AUSTIN, Texas — We’re seeing more cases of COVID-19 inside Texas jails and prisons every day.
Those facilities are some of the most crowded areas in our state. And as coronavirus continues to spread, the KVUE Defenders are finding growing concern that Texans behind bars might not be safe.
“I’ve been sick the last three days and I don’t know what to do," Aaron Johnson said during a phone call with his father. "Me and a bunch of other dudes got sick at the same time. It started as a sore throat and nose, now my whole body hurts.”
Johnson is an inmate at East Texas Treatment Facility in Henderson, Texas. He said prisoners there are worried they might catch COVID-19.
"We’ve got guards walking around here with ties around their face and their shirts and makeshift things," Johnson said. "And it’s like, 'Where is our respirator?'”
Aaron Johnson’s parents, Rick Johnson and Jeanie Cervera, are also worried.
Their biggest concern is how quickly the virus is likely to spread once if it gets inside the facility.
“I think it’s an explosion waiting to happen in there if it hasn’t already," Rick Johnson said.
The Texas Department of Criminal Justice (TDCJ) oversees prisons in the state.
New numbers obtained by the Defenders show more than 2,100 people in Texas prisons are on medical restriction, meaning they don’t have COVID-19 symptoms but TDCJ is monitoring them.
So far, three offenders have tested positive for the virus and so have 13 TDCJ staff members and employees.
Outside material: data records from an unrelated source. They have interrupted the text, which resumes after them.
Lemma close_refine (i : nat) (F : R -> nat -> Prop) : eps_monotone F -> frequently F ->
  exists p, frequently (fun e n => F e n /\ close i p e n).
Proof.
  intros HFm HF.
  destruct (k_orbit_bounded (t i)) as [x [Rx Hx]]. destruct (ki_orbit_bounded (s i)) as [y [Ry Hy]].
  destruct (X_proper _ _ x Rx HFm HF Hx) as [a Ha].
  assert (HFm' : eps_monotone (fun e n => F e n /\ mdist (k n (t i)) a < e)).
  { intros e e' n [HFn Hd] He. split; [exact (HFm _ _ _ HFn He) | lra]. }
  destruct (Y_proper _ _ y Ry HFm' Ha Hy) as [a' Ha'].
  exists (a, a'). revert Ha'. apply frequently_impl.
  intros e n [[HFn Hd] Hd']. repeat split; assumption.
Qed.

Theorem isometric_of_bilip_approx : isometric X Y.
Proof.
  assert (close_mono : forall i p, eps_monotone (close i p)).
  { intros i p e e' n [H1 H2] He. split; lra. }
  set (cb := diag _ (x0, y0) close).
  assert (Hconv := diag_frequently _ (x0, y0) close close_mono close_refine).
  assert (Hconv' : forall j, frequently (fun e n => forall i, (i < j)%nat ->
            mdist (ki n (s i)) (snd (cb i)) < e /\ mdist (k n (t i)) (fst (cb i)) < e)).
  { intros j. refine (frequently_impl _ _ _ (Hconv j)).
    intros e n Hn i Hi. destruct (Hn i Hi). split; assumption. }
  destruct (choice _ (limit_point X Y k ki k_ki k_bilip X_proper k_orbit_bounded t s
    (fun i => fst (cb i)) (fun i => snd (cb i)) Hconv)) as [G HG].
  destruct (choice _ (limit_point Y X ki k ki_k ki_bilip Y_proper ki_orbit_bounded s t
    (fun i => snd (cb i)) (fun i => fst (cb i)) Hconv')) as [H HH].
  exists H. split.
  - exists G. split.
    + intros x. apply (eq_of_dist_dense s); [exact s_dense|]. intros i.
      rewrite (proj2 (HG (H x) i)). apply HH.
    + intros y. apply (eq_of_dist_dense t); [exact t_dense|]. intros i.
      rewrite (proj2 (HH (G y) i)). apply HG.
  - apply (dist_preserved_of_dense s (fun i => snd (cb i))); [exact s_dense|].
    intros x i. apply HH.
Qed.

End Isometry.

Lemma sqrt_lam_seq (n : nat) :
  1 < sqrt (lam_seq n) /\ sqrt (lam_seq n) * sqrt (lam_seq n) = lam_seq n.
Proof.
  pose proof (lam_seq_bounds n). split.
  - rewrite <- sqrt_1. apply sqrt_lt_1_alt. lra.
  - apply sqrt_sqrt. lra.
Qed.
And 22 people are in medical isolation, meaning they have either tested positive for the virus or are waiting on a test to come back.
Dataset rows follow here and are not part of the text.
(* The complete bipartite graph $K_{3,3}$ is B-factorizable.
   Context: Let $V$ be a finite set with $|V|$ even. $K=\binom{V}{2}$ is the set of 2-element subsets of $V$. An equal partition of $V$ is an unordered pair $\{H,A\}$ of disjoint subsets with $H\cup A=V$ and $|H|=|A|=|V|/2$; $C=C(V)$ is the set of equal partitions. For $c=\{H,A\}\in C$, $B_c$ is the complete bipartite graph with parts $H$ and $A$. Vectors live in $\mathbb N^{K\cup C}$ with $\mathbb N=\{0,1,2,\dots\}$; $v|_K$ denotes the restriction to coordinates in $K$. For $E\subseteq K$, $\chi_E\in\{0,1\}^K$ is its indicator vector. For $E\subseteq K$ and $c\in C$, $\chi_{E,c}\in\mathbb N^{K\cup C}$ has $K$-components $\chi_E$ and $C$-components equal to the indicator of $c$. $PM(V)=\{\chi_{q,c}: c\in C,\ q\text{ a perfect matching of }B_c\}$. For $\mathcal M\subseteq\mathbb N^{K\cup C}$, $\mathbf N(\mathcal M)$ is the set of finite nonnegative integer combinations of elements of $\mathcal M$, and $\overline{\mathbf N}(\mathcal M)=\{v\in\mathbb N^{K\cup C}: kv\in\mathbf N(\mathcal M)\text{ for some integer }k\ge1\}$. A regular graph $G=(V,E)$ is B-factorizable if every $v\in\overline{\mathbf N}(PM(V))$ with $v|_K=\chi_E$ belongs to $\mathbf N(PM(V))$. *)

From mathcomp Require Import all_boot.
Set Implicit Arguments. Unset Strict Implicit. Unset Printing Implicit Defensive.

Section BFact.
Variable V : finType.

Definition Kpred (e : {set V}) : bool := #|e| == 2.
Definition Kt := {e : {set V} | Kpred e}.

(* C = equal partitions {H, A} of V, represented as the 2-set {H, ~: H} *)
Definition eqpart (P : {set {set V}}) : bool :=
  [exists H : {set V}, (#|H| * 2 == #|V|) && (P == [set H; ~: H])].
Definition Ct := {P : {set {set V}} | eqpart P}.

Definition vec := {ffun (Kt + Ct) -> nat}.

Definition in_Bc (c : Ct) (e : Kt) : bool :=
  [forall X in val c, #|val e :&: X| == 1].

Definition is_pm (c : Ct) (q : {set Kt}) : bool :=
  [forall e in q, in_Bc c e] &&
  [forall x : V, #|[set e in q | x \in val e]| == 1].

Definition chiEc (E : {set Kt}) (c : Ct) : vec :=
  [ffun z => match z with inl e => nat_of_bool (e \in E)
                        | inr c' => nat_of_bool (c' == c) end].

Definition inN_PM (v : vec) : Prop :=
  exists s : seq ({set Kt} * Ct),
    all (fun p => is_pm p.2 p.1) s /\
    forall z, v z = \sum_(p <- s) chiEc p.1 p.2 z.

Definition inNbar_PM (v : vec) : Prop :=
  exists k : nat, 0 < k /\ inN_PM [ffun z => k * v z].

Definition B_factorizable (E : {set Kt}) : Prop :=
  forall v : vec, inNbar_PM v ->
    (forall e : Kt, v (inl e) = nat_of_bool (e \in E)) -> inN_PM v.

Definition regular (E : {set Kt}) : Prop :=
  exists d, forall x : V, #|[set e in E | x \in val e]| = d.

Definition complete_bip (H : {set V}) : {set Kt} :=
  [set e : Kt | #|val e :&: H| == 1].

End BFact.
A class-action lawsuit, filed Monday against TDCJ, accuses the department of “[denying] proper and equal access to vital preventative measures to avoid the transmission of COVID-19.”
Rick Johnson and Jeannie Cervera are worried the conditions inside their son’s facility could even put people outside the jail at risk.
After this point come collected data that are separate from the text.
Theorem lemma4p3 (R : realType) (T0 : pt R -> pt R)
  (T : pt R * pt R -> pt R * pt R) (D : set (cfun R)) :
  GX T0 -> GT0 T0 T ->
  (forall f, D f -> ballZX f) ->
  (forall f, ballZX f -> forall eps : R, 0 < eps ->
     exists2 d, D d & (distZ2 f d < eps%:E)%E) ->
  (exists n : nat -> nat, subsequence n /\
     forall fi fj, D fi -> D fj ->
       (fun k => rigid_gap T0 T (n k) fi fj) @ \oo --> 0%E) ->
  rigid_ext T0 T.
Proof.
move=> gT0 gT hD dense [n [sub_n conv]]; split => //; exists n; split => // f g Lf Lg.
have [cf cf0 ballf] := L2ZX_cscale_ball Lf; have [cg cg0 ballg] := L2ZX_cscale_ball Lg.
set c := Num.max cf cg.
have c0 : c != 0 by rewrite gt_eqF // lt_max cf0.
have bu : ballZX (cscale c^-1 f) by apply: ballf; rewrite le_max lexx.
have bv : ballZX (cscale c^-1 g) by apply: ballg; rewrite le_max lexx orbT.
rewrite -(cscaleK f c0) -(cscaleK g c0).
apply: rigid_gap_cvg0_cscale => //.
exact: rigid_gap_cvg0_approx dense conv bu bv.
Qed.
“There is going to be that cross-contamination because it can leave with the guards and then cross over to their families and then the broader population,” Cervera said.
They’re also worried about conditions for inmates in Texas county jails because of what the Defenders uncovered.
The Texas Commission on Jail Standards usually inspects county jails to make sure they’re in compliance with state standards and regulations. It’s a way to keep inmates safe. But to prevent the spread of coronavirus, the agency decided to stop all in-person inspections.
That’s a big concern for Diana Claitor from the Texas Jail Project.
“If a jail is doing anything, jailers are doing anything or not meeting standards, there’s not nearly as much likelihood that they’ll find out," Claitor said.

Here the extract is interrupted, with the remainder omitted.